This section will explain how Standard intends to create value for different stakeholders. It is essential to have an idea of who they are, so let's introduce:

The Software Sponsor Makes resources available in return for the expectation of future benefits.

The Provider of Automation Sets up and maintains the automation along the SDLC. A helpful analogy would be the person who sets up and maintains the conveyor belt which moves features to production.

The Consumer of Automation Consumes and co-maintaines the automation along the SDLC. A helpful analogy would be that this person not only uses and configures our conveyor belt, but is also capable of occasionally maintaining it.

It is essential to have an understanding of what they value, so let's try to get an overview. We'll make use of a high level value matrix with simple sentiment scores:

😍 → "absolutely love it!!!"
😄 → "feels pretty good."
😐 → "whatever?!?"

	Software Sponsor [Principal]	Provider of SDLC Automation [Agent]	Consumer of SDLC Automation [Agent]
Productivity	😍	😍	😄
Code Organization	😄	😍	😄
Mental Model & Learning	😄	😍	😄
Batteries Included	😐	😍	😐
Community and Ecosystem	😐	😍	😄
Reproducibility & Software Supply Chain Security	😍	😍	😐
Modularity & Incremental Adoption	😄	😄	😍
Developer Experience & Onboarding Story	😄	😄	😍

So, this is for you and your team, if you:

Care about reproducibility for more reliablility throughout your software development
Value clean code for keeping a check on techincal debt and increased long-term maintainability
Have a deadline to meet with the help of the includes best practices and batteries
Want to serve an optimized UX to your colleagues via a repo CLI / TUI and (close to) zero-config CI

Selling Points

The main selling points of Standard are:

Efficiency: Standard automates the software delivery lifecycle, making the process more efficient and streamlined.
Reproducibility: Standard's emphasis on reproducibility ensures that every stage of the SDLC can be easily replicated, leading to a more consistent and reliable software development process.
Speed: Standard optimizes the critical path of the SDLC journey to achieve superior cycle times, which means that your software can be shipped to production faster.
Flexibility: Standard is built to be flexible and adaptable, which allows it to be used in a variety of different contexts and industries.
Cost-effective: Automating the software delivery lifecycle with Standard saves time and resources, making it more cost-effective.
Integration: Standard is a horizontal integration framework that integrates vertical tooling, making it easier to stitch together different tools and processes to create a polished whole.
Community Outreach: Standard is a part of the Nix ecosystem and is committed to community outreach to ensure that its optimization targets are met and that other perspectives are not dismissed.

These points show how Standard can help adopters to improve their software delivery process, and how it can save them time, money and improve the quality of their software.

Comparing Standard to X

Where appropriate, we compare with divnix/paisano, instead.

Comparison with tools in the Nix ecosystem

flake-utils

numtide/flake-utils is a small & lightweight utility with a focus on generating flake file outputs in accordance with the packaging and NixOS use cases built into the Nix CLI tooling.

Paisano, in turn, is an importer with a focus on code organization.

Like Flake Utils, it, too, was designed to be used inside the flake.nix file.
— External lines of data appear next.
(* Consider units $j=1,\dots,N$ with $N=N_0+N_1$, partitioned into a set $\mathcal{J}_1$ of $N_1\ge 1$ treated units and a set $\mathcal{J}_0$ of $N_0$ control units, with treatment indicators $D_j=\mathbf{1}\{j\in\mathcal{J}_1\}$. Let $\{X_j\}_{j=1}^N$ be fixed (non-random) covariates. Potential outcomes satisfy $Y_j(0)=m(X_j)+\epsilon_j$ with $\mathbb{E}[\epsilon_j]=0$, where $m$ belongs to a class $\mathcal{M}$ of functions; observed outcomes are $Y_j=D_jY_j(1)+(1-D_j)Y_j(0)$ and $\tau_j=Y_j(1)-Y_j(0)$. Let $\hat m$ be an estimator of $m$ computed from the data, and let $$\hat\beta\in\operatorname{argmin}_{b\in\mathbb{R}}\frac1N\sum_{j=1}^N\big(Y_j-bD_j-\hat m(X_j)\big)^2 .$$ Fix $c\in\mathbb{R}$. Let $\tilde m$ be the estimator of $m$ computed imposing $\beta=c$, and define null-imposed residuals $\tilde e_j=Y_j-cD_j-\tilde m(X_j)$, $j=1,\dots,N$. For each $g=(g_1,\dots,g_N)\in\mathcal{G}_N:=\{-1,1\}^N$, define artificial outcomes $\check Y^g_j=cD_j+\tilde m(X_j)+g_j\tilde e_j$, let $\check m^g$ be the estimator of $m$ computed (by the same procedure) from the artificial data $\{\check Y_j^g,D_j,X_j\}_{j=1}^N$, and let $$\check\beta^g\in\operatorname{argmin}_{b\in\mathbb{R}}\frac1N\sum_{j=1}^N\big(\check Y^g_j-bD_j-\check m^g(X_j)\big)^2 .$$ Let $g^*_N=(g^*_1,\dots,g^*_N)\sim\mathrm{Uniform}(\mathcal{G}_N)$ be drawn independently of $Y_1,\dots,Y_N$. All limits are as $N_0\to\infty$ with $N_1$ and $\mathcal{J}_1$ held fixed. Suppose (A1) $\max_{j\in\mathcal{J}_1}|\hat m(X_j)-m(X_j)|\overset{p}{\to}0$. Then $$\hat\beta-\frac1{N_1}\sum_{j\in\mathcal{J}_1}(\tau_j+\epsilon_j)\overset{p}{\to}0 .$$ If in addition (A2) $\max_{j\in\mathcal{J}_1}|\hat m(X_j)-\tilde m(X_j)|\overset{p}{\to}0$ and (A3) for every $\delta>0$, $\lim_{N_0\to\infty}\mathbb{P}\big[\max_{j\in\mathcal{J}_1}|\tilde m(X_j)-\check m^{g^*_N}(X_j)|>\delta\big]=0$, then $$\check\beta^{g^*_N}-c-\frac1{N_1}\sum_{j\in\mathcal{J}_1}g^*_j(\tau_j+\epsilon_j-c)\overset{p}{\to}0,$$ and this convergence also holds conditionally on the data: for every $\delta>0$, $$\mathbb{P}\Big[\Big|\check\beta^{g^*_N}-c-\frac1{N_1}\sum_{j\in\mathcal{J}_1}g^*_j(\tau_j+\epsilon_j-c)\Big|>\delta\ \Big|\ Y_1,\dots,Y_N\Big]\overset{p}{\to}0 .$$
   Context: This is the setting of a wild bootstrap with the null hypothesis $\beta=c$ imposed, in a partially linear model $Y_j=\beta D_j+m(X_j)+e_j$, asymptotically with a fixed number of treated units and a growing number of controls. $\overset{p}{\to}$ denotes convergence in probability as $N_0\to\infty$. *)

From HB Require Import structures.
From mathcomp Require Import all_boot all_order all_algebra.
From mathcomp Require Import all_classical all_reals all_analysis.
Unset Printing Implicit Defensive.
Import Order.TTheory GRing.Theory Num.Theory.
Import numFieldNormedType.Exports.
Local Open Scope classical_set_scope.
Local Open Scope ring_scope.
However, flake.nix is a repository's prime estate. And so Paisano was optimized for keeping that estate as clean as possible and, at the same time, beeing a useful table of content even to a relative nix-layman.

While you can use it to match the schema that Nix CLI expects, it also enables more flexibility as it is not specially optimized for any particular use case.

flake-parts

hercules-ci/flake-parts is a component aggregator with a focus on a flake schema that is built into the Nix CLI tooling that makes use of the NixOS module system for composability and aggregation.
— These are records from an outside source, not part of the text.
Lemma rho3_y_eikonal y z : 0 < fst z ->
  rho3yv y z * rho3yv y z + rho3yx y z * rho3yx y z = 4 * rho3yv y z / fst z.
Proof.
  destruct z as [x v]; simpl; intros Hx. unfold rho3yv, rho3yx, Pu, Px, DD; simpl.
  field. split; [|lra]. apply Rgt_not_eq.
  pose proof (Rle_0_sqr (v - 2 * k y)); pose proof (Rmult_lt_0_compat x x Hx Hx).
  unfold Rsqr in *; lra.
Qed.

Lemma add_imaginary B a w : fst w = 0 ->
  Cadd (Cadd B (RtoC a)) (Cmul (Cmul (RtoC 2) Ci) w) = Cadd B (RtoC (a - 2 * snd w)).
Proof. destruct B, w; simpl; intros ->; unfold Cadd, Cmul, RtoC, Ci; simpl; f_equal; ring. Qed.

Lemma psi3_solution : IsSolution U (psi3 b L G r K).
Proof.
  apply (rho_perturbation_solves rho3 rho3y rho3yy rho3x rho3v rho3yx rho3yv
           rho3xx rho3xv rho3vv).
  - exact rho3_dy.
  - exact rho3_dyy.
  - exact rho3_dx.
  - exact rho3_dv.
  - exact rho3_y_dx.
  - exact rho3_y_dv.
  - exact rho3_x_dx.
  - exact rho3_x_dv.
  - exact rho3_v_dx.
  - exact rho3_v_dv.
  - exact rho3_harmonic.
  - exact rho3_y_eikonal.
  - intros q [x v] Hx. simpl in Hx. unfold psi3, psi1.
    rewrite add_imaginary by (apply K_re; auto). reflexivity.
Qed.

End Instances.

(* psi2 is the case k = 0 of psi3, with K(y, z) = y ln(conj z / z). *)
Lemma psi2_solution (r r1 r2 : R -> R) :
  (forall y, derivable_pt_lim r y (r1 y)) -> (forall y, derivable_pt_lim r1 y (r2 y)) ->
  IsSolution U (psi2 b L G r).
Proof.
  intros Hr1 Hr2.
  set (K2 := fun y z => Cmul (RtoC y) (Cln (Cdiv (Cconj z) z))).
  replace (psi2 b L G r) with (psi3 b L G r K2).
  2:{ apply functional_extensionality; intro q; apply functional_extensionality; intro z.
      unfold psi3, psi2, K2. unfold Cadd, Cmul, RtoC, Ci; simpl. f_equal; ring. }
  apply (psi3_solution r r1 r2 Hr1 Hr2 (fun _ => 0) (fun _ => 0) 0 K2).
  - intros t; apply dpl_const.
  - intros z _. unfold K2, Cmul, RtoC; simpl. f_equal; ring.
  - intros z _ y. cbv zeta.
    replace (Cadd (Cconj z) (Cmul (RtoC 2) (Cmul Ci (RtoC 0)))) with (Cconj z)
      by (unfold Cadd, Cconj, Cmul, RtoC, Ci; simpl; f_equal; ring).
    replace (Csub z (Cmul (RtoC 2) (Cmul Ci (RtoC 0)))) with z
      by (destruct z; unfold Csub, Cadd, Copp, Cmul, RtoC, Ci; simpl; f_equal; ring).
    unfold K2, Cmul, RtoC; cbn [fst snd].
    split; (eapply dpl_eq; [dpl | cbv beta; ring]).
Qed.

End Solutions.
Paisano, in turn, is an importer with a focus on code organization; it still plugs well into a flake.nix file, but also preserves its index function by keeping it clean. While you can use it to match the schema that Nix CLI expects, it also enables more flexibility as it is not specially optimized for any particular use case.
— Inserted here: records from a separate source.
Definition Ffree (VF W : finType) (EF : {set {set VF}}) (G : {set {set W}}) : bool :=
  Ncount EF G == 0.

Definition ex (n : nat) (VH VF : finType) (EH : {set {set VH}}) (EF : {set {set VF}}) : nat :=
  \max_(G : {set {set 'I_n}} | simple_graph G && Ffree EF G) Ncount EH G.

Definition ex2 (n : nat) (V1 V2 VF : finType) (E1 : {set {set V1}}) (E2 : {set {set V2}})
  (EF : {set {set VF}}) : nat :=
  \max_(G : {set {set 'I_n}} | simple_graph G && Ffree EF G) (Ncount E1 G + Ncount E2 G).

(* ex^col(n,(H1,H2),F): a 2-coloring of the edges of G is given by the set C of
   color-1 edges; G_1 = G :&: C, G_2 = G :\: C. *)
Definition excol (n : nat) (V1 V2 VF : finType) (E1 : {set {set V1}}) (E2 : {set {set V2}})
  (EF : {set {set VF}}) : nat :=
  \max_(GC : {set {set 'I_n}} * {set {set 'I_n}} | simple_graph GC.1 && Ffree EF GC.1)
     (Ncount E1 (GC.1 :&: GC.2) + Ncount E2 (GC.1 :\: GC.2)).

Definition P4 : {set {set 'I_4}} :=
  [set e : {set 'I_4} | [exists i : 'I_4, exists j : 'I_4,
     (nat_of_ord j == i.+1) && (e == [set i; j])]].
Definition K3 : {set {set 'I_3}} :=
  [set e : {set 'I_3} | [exists i : 'I_3, exists j : 'I_3,
     (i < j) && (e == [set i; j])]].
Definition C5 : {set {set 'I_5}} :=
  [set e : {set 'I_5} | [exists i : 'I_5, exists j : 'I_5,
     (nat_of_ord j == i.+1 %% 5) && (e == [set i; j])]].

From mathcomp Require Import all_boot zify.
Set Implicit Arguments. Unset Strict Implicit. Unset Printing Implicit Defensive.

(* The balanced complete bipartite graph on n vertices is C5-free, triangle-free and
   contains bip_P4 n paths P4; so everything follows from
   N(P4, G) + N(K3, G) <= bip_P4 n for every C5-free G on n >= C0 vertices (a colouring
   only splits G into two subgraphs). In a
   C5-free graph the neighbourhood of every vertex is sparse, so a vertex of degree at
   most (n + 6) / 3 lies on fewer than bip_P4 n - bip_P4 (n - 1) copies of P4 and K3
   and may be deleted. If all degrees exceed (n + 6) / 3, C5-freeness excludes
   triangles; then d(u) + d(v) <= n on every edge uv, each P4 is counted through its
   middle edge uv by (d(u) - 1) (d(v) - 1) <= (n/2 - 1)^2, and Mantel's theorem
   bounds the number of edges by n^2 / 4. *)

Section Counting.
Variable T : finType.
Implicit Types (A B C : {set T}).

Lemma card_pairs_dep (T' : finType) A (B : T -> {set T'}) :
  #|[set t : T * T' | (t.1 \in A) && (t.2 \in B t.1)]| = \sum_(a in A) #|B a|.
Proof.
rewrite -sum1_card (eq_bigl (fun t : T * T' => (t.1 \in A) && (t.2 \in B t.1))) => [|t].
  rewrite -(pair_big_dep (mem A) (fun a b => b \in B a) (fun _ _ => 1)).
  by apply: eq_bigr => a _; rewrite sum1_card.
by rewrite inE.
Qed.

Lemma double_count A B (r : rel T) :
  \sum_(x in A) #|[set y in B | r x y]| = \sum_(y in B) #|[set x in A | r x y]|.
Proof.
have cardE C (p : pred T) : #|[set y in C | p y]| = \sum_(y in C) p y.
  by rewrite -sum1dep_card big_mkcondr; apply: eq_bigr => y _; case: (p y).
rewrite (eq_bigr _ (fun x _ => cardE B (r x))) exchange_big.
by apply: eq_bigr => y _; rewrite cardE.
Qed.

Lemma sum_indicator_sub A B (F : T -> nat) : A \subset B ->
  \sum_(v in A) F v = \sum_(v in B) (v \in A) * F v.
Proof.
move=> sAB; rewrite [RHS](bigID (mem A)) /= [X in _ + X]big1 ?addn0; last first.
  by move=> v /andP[_ /negbTE ->].
apply: eq_big => [v | v ->]; last by rewrite mul1n.
by apply/idP/andP => [vA | [] //]; rewrite (subsetP sAB).
Qed.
To a lesser extent, Paisano is also a component aggregator for your flake outputs. However, in that role, it gives you back the freedom to use the output schema that best fits your problem domain.

The core tenet of Flake Parts is domain specific interfaces for each use case. Flake Parts implements and aggregates these interfaces based on the NixOS module system.

Paisano, in turn, focuses on code organization along high level code boundaries connected by generic interfaces. The core tenet of Paisano remains Nix's original functional style.

Convergence towards the Flakes output schema is provided via the harvester family of utility functions (winnow, harvest & pick). Depending on the domain schema, it can be a lossy convergence, though, due the lesser expressivity of the flake output schema.

Example usage of harvester functions

{
  inputs = { /* snip */ };
  outputs = { std, self, ...}:
    growOn {
      /* snip */
    }
    {
      devShells = std.harvest self ["automation" "shells"];
      packages = std.harvest self [["std" "cli"] ["std" "packages"]];
      templates = std.pick self ["presets" "templates"];
    };
}

Devshell

Standard wraps numtide/devshell to improve the developer experience in the early parts of the SDLC via reproducible development shells.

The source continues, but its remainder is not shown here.